Bonfires tells the story of every Canadian in the twentieth century through fragmented narratives and beautiful imagery.
--Imprint Online
Bonfires manages to combine humour and breathlessness in a way that Canadian poetry seldom does. Chris Banks knows that fire takes that precious air and eats it. These are poems of unpaid bills, public transit, dust, dog piss, histamine, history, litter, longing. Banks combines beauty with a kind of trivial domestic ugliness, emerging reverent, setting us "adrift under the only sky / we will ever know."
--Emily Schultz, Broken Pencil
In these poems, Chris Banks has taken the world he knows and thrown it on the pyre, offered up in intimate sacrifice. Up close, the language sparks and pops, burning the fuel of the poet's experience. From a comfortable distance, these poems cast a warming glow upon the reader. In the sense of this collection's title, they are bonfires signalling the direction in which vigorous thoughts are moving, but they also become the flashpoints around which memorable stories are told.
--Paul Vermeersch
Bonfires is a delightful debut with poems so accomplished they take over every page. Rarely has a first book been this impressive. Time and again, these poems made me see the world anew and many startled me with their right and wonderful phrases and images. Banks covers a wide array of subject matter and with a remarkable command, so whether he is writing about family, about the north, about traveling abroad, or the house next door he makes us care and see that everything matters, that nothing is superfluous. These poems are so good you won't put the book down once you start."
--Robert Hilles
Bonfires is Chris Banks' impressive debut. His writing is self-assured and, as a whole, the book seems like poetry that has developed over time. I sense that Banks did not rush into print, and these poems are tightly edited and carefully crafted ... He manages to make even small observations seem important.

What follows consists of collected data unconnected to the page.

(* Let $n\in\mathbb{N}$, let $X$ be a non-empty perfect Polish space, let $\pi$ be a balanced scheme of size $n$, and let $\mathcal{V}\subseteq\mathcal{U}(\pi)$ be a non-empty open subset of $\mathcal{K}(X)$. Then there exists a balanced scheme $\pi'$ of size $n+1$ which is consistent with $\pi$ and satisfies $\mathcal{U}(\pi')\subseteq\mathcal{V}$.
   Context: $\mathcal{K}(X)$ is the space of non-empty compact subsets of $X$ with the Hausdorff metric. Fix an onto map $\Psi$ from the positive odd integers to the set $\mathbb{N}^{<\omega}$ of finite sequences of natural numbers such that $\Psi(m)$ has at most $m$ coordinates for every odd $m$. Given positive integers $a_1,a_2,\dots$, let $\mathcal{I}_m=\prod_{k=1}^m\{1,\dots,a_k\}$. For $n\ge1$ and $(a_1,\dots,a_{2n-1})$ define $\Phi=\Phi_{a_1\dots a_{2n-1}}$ on $\{2k-1:1\le k\le n\}$ by $\Phi(2k-1)=\Psi(2k-1)$ if $\Psi(2k-1)\in\bigcup_{m=1}^{2k-1}\mathcal{I}_m$, and $\Phi(2k-1)=(1)\in\mathcal{I}_1$ otherwise. For $n\ge1$, a balanced scheme of size $n$ is a pair consisting of positive integers $(a_1,\dots,a_{2n})$ and non-empty open sets $U_{i_1\dots i_k}\subseteq X$ for $(i_1,\dots,i_k)\in\mathcal{I}_k$, $1\le k\le 2n$, such that there are positive reals $b_k$ with: (1) $a_1\ge2$ and $a_k\ge(k-1)a_1\cdots a_{k-1}$ for $2\le k\le 2n$; (2) $\overline{U_{i_1\dots i_k}}\subseteq U_{i_1\dots i_{k-1}}$ for $2\le k\le 2n$; (3) $\operatorname{diam}U_{i_1\dots i_k}\le b_k$ for $1\le k\le 2n$; (4) $\operatorname{dist}(U_{i_1\dots i_k},U_{j_1\dots j_k})>2b_k$ whenever $(i_1,\dots,i_k)\ne(j_1,\dots,j_k)\in\mathcal{I}_k$, $1\le k\le 2n$; (5) with $\Phi=\Phi_{a_1\dots a_{2n-1}}$: if $k<2n$ is odd, $U_{i_1\dots i_k}\subseteq U_{\Phi(k)}$ and $U_{j_1\dots j_k}\not\subseteq U_{\Phi(k)}$, then for all $s\ne t$ in $\{1,\dots,a_{k+1}\}$, $\operatorname{dist}(U_{i_1\dots i_k s},U_{i_1\dots i_k t})>\operatorname{diam}\bigl(\bigcup_{j_{k+1}=1}^{a_{k+1}}U_{j_1\dots j_k j_{k+1}}\bigr)$. The balanced scheme of size $0$ is $(\emptyset,\emptyset)$. For a balanced scheme $\pi$ of size $n\ge1$, $\mathcal{U}(\pi)=\{K\in\mathcal{K}(X): K\subseteq\bigcup_{(i_1,\dots,i_{2n})\in\mathcal{I}_{2n}}U_{i_1\dots i_{2n}}$ and $K\cap U_{i_1\dots i_{2n}}\ne\emptyset$ for all $(i_1,\dots,i_{2n})\in\mathcal{I}_{2n}\}$; for size $0$, $\mathcal{U}(\pi)=\mathcal{K}(X)$. A balanced scheme $\pi'$ of size $n+1$ is consistent with a balanced scheme $\pi$ of size $n$ if $a_k(\pi')=a_k(\pi)$ and $U_{i_1\dots i_k}(\pi')=U_{i_1\dots i_k}(\pi)$ for all $k\le 2n$ and $(i_1,\dots,i_k)\in\mathcal{I}_k$. *)

From Stdlib Require Import Reals List Arith Bool.
Import ListNotations.
Open Scope R_scope.
Local Open Scope bool_scope.

Section Metric.
Variable X : Type.
Variable d : X -> X -> R.

Definition is_metric : Prop :=
  (forall x y, 0 <= d x y) /\ (forall x y, d x y = 0 <-> x = y) /\
  (forall x y, d x y = d y x) /\ (forall x y z, d x z <= d x y + d y z).

Definition open (A : X -> Prop) : Prop :=
  forall x, A x -> exists eps, 0 < eps /\ forall y, d x y < eps -> A y.

Definition closure (A : X -> Prop) (x : X) : Prop :=
  forall eps, 0 < eps -> exists y, A y /\ d x y < eps.

Definition subset (A B : X -> Prop) : Prop := forall x, A x -> B x.

Definition diam_le (A : X -> Prop) (r : R) : Prop :=
  forall x y, A x -> A y -> d x y <= r.

(* dist(A,B) = inf { d x y | x in A, y in B } > r *)
Definition dist_gt (A B : X -> Prop) (r : R) : Prop :=
  exists c, r < c /\ forall x y, A x -> B y -> c <= d x y.

Definition cauchy (u : nat -> X) : Prop :=
  forall eps, 0 < eps -> exists N, forall p q, (N <= p)%nat -> (N <= q)%nat -> d (u p) (u q) < eps.

Definition complete : Prop :=
  forall u, cauchy u -> exists l, forall eps, 0 < eps -> exists N, forall p, (N <= p)%nat -> d (u p) l < eps.

Definition separable : Prop :=
  exists D : nat -> X, forall x eps, 0 < eps -> exists k, d x (D k) < eps.

Definition perfect : Prop :=
  forall x eps, 0 < eps -> exists y, y <> x /\ d x y < eps.

Definition compact (K : X -> Prop) : Prop :=
  forall (I : Type) (F : I -> X -> Prop), (forall i, open (F i)) ->
    (forall x, K x -> exists i, F i x) ->
    exists l : list I, forall x, K x -> exists i, In i l /\ F i x.

Definition isK (K : X -> Prop) : Prop := (exists x, K x) /\ compact K.

(* Hausdorff distance d_H(K,L) < eps (for compact K, L the infima are attained) *)
Definition hball (K : X -> Prop) (eps : R) (L : X -> Prop) : Prop :=
  exists r, r < eps /\
    (forall x, K x -> exists y, L y /\ d x y <= r) /\
    (forall y, L y -> exists x, K x /\ d x y <= r).

Definition Kopen (V : (X -> Prop) -> Prop) : Prop :=
  forall K, V K -> isK K /\
    exists eps, 0 < eps /\ forall L, isK L -> hball K eps L -> V L.
End Metric.

(* ---- index sets I_m = prod_{j=1}^m {1,...,a_j}, indices are lists ---- *)
Definition inI (a : nat -> nat) (k : nat) (s : list nat) : Prop :=
  length s = k /\ forall j, (j < k)%nat -> (1 <= nth j s 0 <= a (S j))%nat.

Fixpoint inIb_from (a : nat -> nat) (j : nat) (s : list nat) : bool :=
  match s with
  | [] => true
  | x :: s' => (1 <=? x) && (x <=? a j) && inIb_from a (S j) s'
  end.

Fixpoint prodA (a : nat -> nat) (m : nat) : nat :=
  match m with 0 => 1 | S m' => prodA a m' * a m end.

(* Phi_{a_1...a_{2n-1}}(k) for odd k: Psi(k) if Psi(k) lies in the union of
   I_1,...,I_k, and (1) otherwise *)
Definition Phi (Psi : nat -> list nat) (a : nat -> nat) (k : nat) : list nat :=
  let s := Psi k in
  if (1 <=? length s) && (length s <=? k) && inIb_from a 1 s then s else [1%nat].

--Jay Ruzesky, Malahat Review
Banks piles image upon image, creating a landscape where "everything disassembles itself/into some new clarity" ... [In the book's travel poems] what Banks does with sweet, subtle efficacy is lead the reader through his own scattered thoughts, so that while we're exposed to his disorientation, we know exactly where we are.
--John Lofranco, Books in Canada
Chris Banks offers a striking debut with his first collection, Bonfires. His poems resonate with a "pure" intention to capture a moment, and to find the elusive link between experience and its attendant cluster of emotions.
Against the backdrop of Southern Ontario are set Banks' concise explorations of meaning, navigations of memory, and rallies against loneliness. Each near-miss at capturing the truth of pain's presence, at getting down "what it is trying to say / and how it is probably right" resonates with the conflicting bravery and loss of confrontation. Over the course of the collection the voice reconstitutes itself, and consequently its reader, as its own companion. The poems are bare with self-honesty, and smoulder with stock-taking.
This is a lyric voice honed from real speech and developed by a keen ear for cadence. It has the quiet assuredness of the best lyric poets and yet is for the most part free of the practiced rhythm that inhabits and anesthetizes so much contemporary work: rather than putting voice in the service of intellectualized argument, here emotion sings, and uses craft to modulate the pace and decibel level."